Парфюмерный гид 2018 - стр. 10

Подходящий пример – знаменитый Iris Gris, собранный Венсаном Рубером для Jacques Fath в 1947 году. Когда Фат умер спустя семь лет, аромат пропал с полок. Но сын Рубера передал формулу «Ириса» Осмотеке, парфюмерному музею под Парижем, и его основатель Жан Керлео, бывший парфюмер Patou, с ее помощью воссоздал духи (для музея. – Прим. пер.). Версия Керлео содержала огромное количество выдержанного корня ириса – это исключительно дорогой душистый материал, квинтэссенция парфюмерной роскоши. Всякий раз, когда я бывал в Осмотеке, я нюхал «Ирис» и обмирал. Недавно аромат воскресили снова: теперь реконструкцией занялась сама марка Jacques Fath. Благодаря парфюмерному коллекционеру из США мы достали образец оригинального Iris Gris, все еще запечатанный, в оригинальной упаковке. И что же: химический анализ показал, что иронов – молекул, отвечающих за аромат ириса, – в нем нет вообще. Пропасть из духов они не могли, так не бывает; похоже, ириса в Iris Gris и не было – только фиалковые иононы, куда более дешевые. По всей видимости, Керлео использовал другую формулу – не ту, которой в итоге дали ход в 1947-м, а более дорогую, изначально созданную Рубером. Новый Iris Gris (на момент написания книги он называется Iris de Fath) намного лучше и дороже оригинального.
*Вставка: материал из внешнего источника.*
(* Let $X=\{x_1,\ldots,x_n\}\subset\mathbb{R}^d$ be a configuration of dimension $d$ (affine hull equal to $\mathbb{R}^d$), and suppose $\Delta_{d+2\,\ldots\, n}\neq 0$. Then a weight vector $(w_1,\ldots,w_n)$ belongs to $\mathbb{W}_0(X)$ if and only if \[(-1)^{i-d}\,w_i\,\Delta_{d+2\,\ldots\, n}=\sum_{l=d+2}^n w_l\,\Delta_{i\,d+2\,\ldots\,\widehat{l}\,\ldots\, n},\qquad i=1,\ldots,d+1,\] where $\widehat{l}$ indicates that the index $l$ is omitted from the list.
   Context: $\mathbb{W}_0(X)\subseteq\mathbb{R}^n$ is the space of weight vectors $(w_1,\ldots,w_n)$ with $\sum_j w_j=0$ and $\sum_j w_jx_j=0$ (equivalently $\sum_j w_j\overrightarrow{px_j}=\overrightarrow{O}$ for all $p$). For indices $j_1<\cdots<j_\beta$, $\Delta_{j_1\ldots j_\beta}$ denotes the oriented volume of the subconfiguration $X\setminus\{x_{j_1},\ldots,x_{j_\beta}\}$: when this subconfiguration has $d+1$ points, it is the determinant of its $(d+1)\times(d+1)$ augmented configuration matrix, whose columns are $\binom{1}{x_j}$ for the remaining points $x_j$ in increasing order of index (and the volume is zero whenever the subconfiguration is not a $d$-simplex). In the indices $i\,d+2\ldots\widehat{l}\ldots n$, the removed points are $x_i$ and all $x_k$ with $d+2\le k\le n$, $k\ne l$. *)

(* Points of R^d are column vectors 'cV[R]_d; the
   configuration X = {x_1,...,x_n} is a map x : 'I_n -> 'cV[R]_d
   (0-based: paper index j corresponds to ordinal j-1). *)
From HB Require Import structures.
From mathcomp Require Import all_boot all_order all_algebra.
From mathcomp Require Import reals.
Set Implicit Arguments. Unset Strict Implicit. Unset Printing Implicit Defensive.
Import Order.TTheory GRing.Theory Num.Theory.
Local Open Scope ring_scope.

Section Config.
Variables (R : realType) (d n : nat) (x : 'I_n -> 'cV[R]_d).

Definition full_dim : Prop :=
  forall y : 'cV[R]_d, exists w : 'I_n -> R,
    \sum_(j < n) w j = 1 /\ \sum_(j < n) w j *: x j = y.

Definition W0 (w : 'I_n -> R) : Prop :=
  \sum_(j < n) w j = 0 /\ \sum_(j < n) w j *: x j = 0.

Definition aug (j : 'I_n) : 'cV[R]_(1 + d) := col_mx (1%:M : 'M[R]_1) (x j).

Definition ovol (S : {set 'I_n}) : R :=
  if #|S| == (1 + d)%N then
    \det (\matrix_(r < 1 + d, k < 1 + d) (nth 0 (map aug (enum S)) k) r ord0)
  else 0.

(* Delta_T : oriented volume of X \ {x_j | j in T} *)
Definition Delta (T : {set 'I_n}) : R := ovol (~: T).

End Config.

(* Let A be the augmented matrix of x_1, ..., x_(d+1), so that
   Delta_(d+2...n) = det A <> 0, and let a_j be the augmented column of x_j.
   Deleting column i of A and appending a_l gives the matrix of
   Delta_(i d+2...^l...n); moving a_l back into slot i costs the sign
   (-1)^(d+1-i), and by Cramer's rule the determinant of A with column i
   replaced by a_l is the i-th entry of adj(A) a_l.  Since adj(A) A = det A,
   the i-th relation says exactly that the i-th entry of
   adj(A) (sum_j w_j a_j) vanishes.  As adj A is invertible, the relations
   together say sum_j w_j a_j = 0, i.e. w is in W_0(X). *)

From HB Require Import structures.
From mathcomp Require Import all_boot all_order all_algebra.
From mathcomp Require Import reals.
From mathcomp Require Import fingroup perm.
Import Order.TTheory GRing.Theory Num.Theory.
Local Open Scope ring_scope.
Set Implicit Arguments. Unset Strict Implicit. Unset Printing Implicit Defensive.

Lemma map_val_enum n (S : {set 'I_n}) (P : pred nat) :
  (forall k : 'I_n, (k \in S) = P k) -> map val (enum S) = filter P (iota 0 n).
Proof.
move=> memS; rewrite -val_enum_ord filter_map enumT /enum_mem.
by congr map; apply: eq_filter => k; rewrite /= memS.
Qed.

Lemma filter_iota_predC1 i d : (i <= d)%N ->
  [seq k <- iota 0 d.+1 | k != i] = map (bump i) (iota 0 d).
Proof.
move=> le_id; rewrite -(subnKC le_id) -addnS !iotaD filter_cat map_cat /=.
rewrite eqxx add0n; congr (_ ++ _).
  rewrite map_id_in; last first.
    by move=> k; rewrite mem_iota /bump add0n => /andP[_ /ltn_geF ->].
  by apply/all_filterP/allP => k; rewrite mem_iota => /andP[_ /ltn_eqF ->].
rewrite (all_filterP _); last first.
  by apply/allP => k; rewrite mem_iota => /andP[/gtn_eqF ->].
rewrite -add1n iotaDl.
apply/eq_in_map => k; rewrite mem_iota /bump => /andP[-> _].
by rewrite addnC.
Qed.

Lemma expN1z_sub (R : unitRingType) (a b : nat) :
  (-1 : R) ^ (a%:Z - b%:Z) = (-1) ^+ (odd a (+) odd b).
Proof. by rewrite exprzDr ?unitrN1 // -exprz_inv invrN1 signr_addb !signr_odd. Qed.

Section ColumnReplacement.
Variable R : comRingType.

Definition set_col m n (A : 'M[R]_(m, n)) (j : 'I_n) (v : 'cV[R]_m) : 'M[R]_(m, n) :=
  \matrix_(r, k) if k == j then v r ord0 else A r k.

Lemma det_set_col n (A : 'M[R]_n) j v : \det (set_col A j v) = (\adj A *m v) j ord0.
Proof.
rewrite (expand_det_col _ j) mxE; apply: eq_bigr => r _.
rewrite !mxE eqxx mulrC; congr (_ * _ * _); congr (\det _).
by apply/matrixP => a b; rewrite !mxE eq_sym (negbTE (neq_lift _ _)).
Qed.

Lemma det_col_perm n (s : 'S_n) (A : 'M[R]_n) : \det (col_perm s A) = (-1) ^+ s * \det A.
Proof. by rewrite col_permE det_mulmx det_perm odd_permV mulrC. Qed.

Lemma adj_mul_col n (A : 'M[R]_n) i j : (\adj A *m col j A) i ord0 = \det A *+ (i == j).
Proof. by rewrite colE mulmxA mul_adj_mx mul_scalar_mx !mxE eqxx andbT mulr_natr. Qed.

End ColumnReplacement.

Lemma adj_mulmx_eq0 (F : fieldType) n (A : 'M[F]_n) (v : 'cV[F]_n) :
  \det A != 0 -> (\adj A *m v == 0) = (v == 0).
Proof.
move=> nzA; apply/eqP/eqP => [adjv0|->]; last exact: mulmx0.
have : \det A *: v == 0 by rewrite -mul_scalar_mx -mul_mx_adj -mulmxA adjv0 mulmx0.
by rewrite scaler_eq0 (negbTE nzA) => /eqP.
Qed.

Section Configuration.
Variables (R : realType) (d n : nat) (x : 'I_n -> 'cV[R]_d).

Lemma W0_aug w : W0 x w <-> \sum_j w j *: aug x j = 0.
Proof.
have -> : \sum_j w j *: aug x j = col_mx (\sum_j w j)%:M (\sum_j w j *: x j).
  apply: (big_rec3 (fun V a b => V = col_mx a%:M b)); first by rewrite raddf0 col_mx0.
  by move=> j V a b _ ->; rewrite /aug scale_col_mx add_col_mx scalemx1 raddfD.
rewrite /W0; split => [[-> ->]|/eqP]; first by rewrite raddf0 col_mx0.
rewrite col_mx_eq0 => /andP[/eqP/matrixP/(_ ord0 ord0) + /eqP ->].
by rewrite !mxE.
Qed.

Lemma ovol_map_enum (S : {set 'I_n}) (f : 'I_(1 + d) -> 'I_n) :
  map val (enum S) = map (val \o f) (enum 'I_(1 + d)) ->
  ovol x S = \det (\matrix_(r, k) aug x (f k) r ord0).
Proof.
rewrite map_comp => /(inj_map val_inj) enumS.
rewrite /ovol cardE enumS size_map size_enum_ord eqxx; congr (\det _).
apply/matrixP => r k; rewrite [LHS]mxE [RHS]mxE -map_comp (nth_map k) ?size_enum_ord //.
by rewrite nth_ord_enum.
Qed.

Lemma ovol_neq0_card S : ovol x S != 0 -> #|S| = (1 + d)%N.
Proof. by rewrite /ovol; case: ifP => [/eqP | _] //; rewrite eqxx. Qed.

Hypothesis lt_dn : (d < n)%N.

Definition base_mx : 'M[R]_(1 + d) := \matrix_(r, k) aug x (widen_ord lt_dn k) r ord0.

Lemma col_base_mx k : col k base_mx = aug x (widen_ord lt_dn k).
Proof. by apply/matrixP => r j; rewrite !mxE [j]ord1. Qed.

Lemma Delta_tail : Delta x [set k : 'I_n | (d.+1 <= k)%N] = \det base_mx.
Proof.
rewrite /Delta (ovol_map_enum (f := widen_ord lt_dn)) //.
rewrite (@map_val_enum _ _ (fun k => k < d.+1)%N) => [|k]; last by rewrite !inE -ltnNge.
by rewrite (filter_iota_ltn 0 lt_dn) (eq_map (g := val)) // val_enum_ord.
Qed.

Lemma Delta_set_col (i : 'I_(1 + d)) (l : 'I_n) : (d < l)%N ->
  Delta x (widen_ord lt_dn i |: [set k : 'I_n | (d.+1 <= k)%N && (k != l)])
  = (-1) ^+ (odd i (+) odd d) * \det (set_col base_mx i (aug x l)).
Proof.
(* q sends the last slot to i and the slots i, ..., d - 1 one step up: it moves
   the appended column a_l into slot i. *)
move=> lt_dl; set q := lift_perm ord_max i 1.
have -> : odd i (+) odd d = q by rewrite odd_lift_perm odd_perm1 addbF addbC.
rewrite -det_col_perm /Delta.
rewrite (ovol_map_enum (f := fun k => if q k == i then l else widen_ord lt_dn (q k))).
  by congr (\det _); apply/matrixP => r k; rewrite !mxE; case: eqP.
rewrite (@map_val_enum _ _ (fun k => (k != i) && ((k < d.+1) || (k == l)))%N); last first.
  by move=> k; rewrite !inE negb_or negb_and -ltnNge negbK.
rewrite enum_ordSr map_rcons -cats1 /= lift_perm_id eqxx.
rewrite -[in iota 0 n](subnKC lt_dn) iotaD filter_cat; congr (_ ++ _).
  rewrite (@eq_in_filter _ _ (predC1 (val i))); last first.
    by move=> k; rewrite mem_iota add0n /= => ->; rewrite andbT.
  rewrite (@filter_iota_predC1 i d (ltn_ord i)) -val_enum_ord -!map_comp.
  apply: eq_map => k /=.
  have -> : widen_ord (leqnSn d) k = lift ord_max k.
    by apply: val_inj; rewrite /= /bump leqNgt ltn_ord.
  by rewrite lift_perm_lift perm1 eq_sym (negbTE (neq_lift _ _)).
rewrite (@eq_in_filter _ _ (pred1 (val l))); last first.
  move=> k; rewrite mem_iota add0n => /andP[le_dk _] /=.
  by rewrite ltnNge le_dk (gtn_eqF (leq_trans (ltn_ord i) le_dk)).
by rewrite filter_pred1_uniq ?iota_uniq // mem_iota add0n subnKC // lt_dl ltn_ord.
Qed.

Lemma adj_base_mx_sum w (i : 'I_(1 + d)) :
  (\adj base_mx *m \sum_j w j *: aug x j) i ord0
  = w (widen_ord lt_dn i) * \det base_mx
    + \sum_(l < n | (d.+1 <= l)%N) w l * \det (set_col base_mx i (aug x l)).
Proof.
rewrite mulmx_sumr summxE (bigID (fun j : 'I_n => (j < d.+1)%N)) /=; congr (_ + _).
  rewrite (bigD1 (widen_ord lt_dn i)) ?ltn_ord //= big1 ?addr0 => [|j /andP[lt_jd neq_ji]].
    by rewrite -scalemxAr mxE -col_base_mx adj_mul_col eqxx mulr1n.
  have -> : j = widen_ord lt_dn (Ordinal lt_jd) by apply: val_inj.
  rewrite -scalemxAr mxE -col_base_mx adj_mul_col (_ : (i == _) = false) ?mulr0 //.
  by apply/negbTE; rewrite eq_sym.
rewrite (eq_bigl (fun l : 'I_n => (d.+1 <= l)%N)) => [|l]; last by rewrite -leqNgt.
by apply: eq_bigr => l _; rewrite -scalemxAr mxE det_set_col.
Qed.

Lemma Delta_relation_adjE w (i : 'I_(1 + d)) :
  (-1) ^ ((widen_ord lt_dn i).+1%:Z - d%:Z) * w (widen_ord lt_dn i)
      * Delta x [set k : 'I_n | (d.+1 <= k)%N]
    = \sum_(l < n | (d.+1 <= l)%N)
        w l * Delta x (widen_ord lt_dn i |: [set k : 'I_n | (d.+1 <= k)%N && (k != l)])
  <-> (\adj base_mx *m \sum_j w j *: aug x j) i ord0 = 0.
Proof.
rewrite adj_base_mx_sum Delta_tail expN1z_sub /= addNb signrN.
under eq_bigr => l lt_dl do rewrite Delta_set_col // mulrCA.
rewrite -mulr_sumr -mulrA mulNr -mulrN; set s := (-1) ^+ _.
split => [/(can_inj (signrMK _)) <- | /eqP]; first by rewrite addrN.
by rewrite addrC addr_eq0 => /eqP ->.
Qed.

End Configuration.

Theorem theorem4p7 (R : realType) (d n : nat) (x : 'I_n -> 'cV[R]_d) :
  full_dim x ->
  Delta x [set k : 'I_n | (d.+1 <= k)%N] != 0 ->
  forall w : 'I_n -> R,
    W0 x w <->
    (forall i : 'I_n, (i < d.+1)%N ->
       (-1) ^ ((i.+1)%:Z - d%:Z) * w i * Delta x [set k : 'I_n | (d.+1 <= k)%N]
       = \sum_(l < n | (d.+1 <= l)%N)
           w l * Delta x (i |: [set k : 'I_n | (d.+1 <= k)%N && (k != l)])).
Proof.
move=> _ nz_Delta w.
have lt_dn : (d < n)%N by rewrite -[n]card_ord -add1n -(ovol_neq0_card nz_Delta) max_card.
rewrite W0_aug; split => [V0 i lt_id | eqs].
  have -> : i = widen_ord lt_dn (Ordinal lt_id) by exact: val_inj.
  by apply/Delta_relation_adjE; rewrite V0 mulmx0 mxE.
rewrite (Delta_tail _ lt_dn) in nz_Delta.
apply/eqP; rewrite -(adj_mulmx_eq0 _ nz_Delta); apply/eqP/matrixP => k j.
rewrite [j]ord1 [RHS]mxE; apply/(Delta_relation_adjE _ lt_dn)/eqs; exact: (ltn_ord k).
Qed.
Неудивительно, что все французские духи тех лет, созданные в условиях ограниченного бюджета, казались, что называется, смутно знакомыми: родственниками их делали одни и те же материалы, в то время недорогие – салицилаты, сандаловое масло и т. д. В парфюмерии 1950-х активно использовали «полуфабрикаты», так называемые парфюмерные базы, облегчавшие работу парфюмера; как следствие, духи пахли совершенно в ключе своего однообразного, монотонного, заурядного десятилетия – хорошее было время для строительства ГЭС, а вот для женщин не очень. Ароматы 1950-х сидели близко к коже, не отличаясь ни мощью, ни прямолинейностью. Помню, что ребенком я улавливал запах духов лишь в те моменты, когда меня обнимала мама или кто-то из ее подруг. Папа же пользовался лавандовым одеколоном, который едва доживал до последней страницы газеты, купленной вместе с багетом к завтраку. В то время духи были чем-то интимным, намекающим на тесное знакомство с их владельцем. Если человек оставлял за собой душистый шлейф (по-французски sillage, как кильватер – струя, которая остается после идущего судна), это порицалось.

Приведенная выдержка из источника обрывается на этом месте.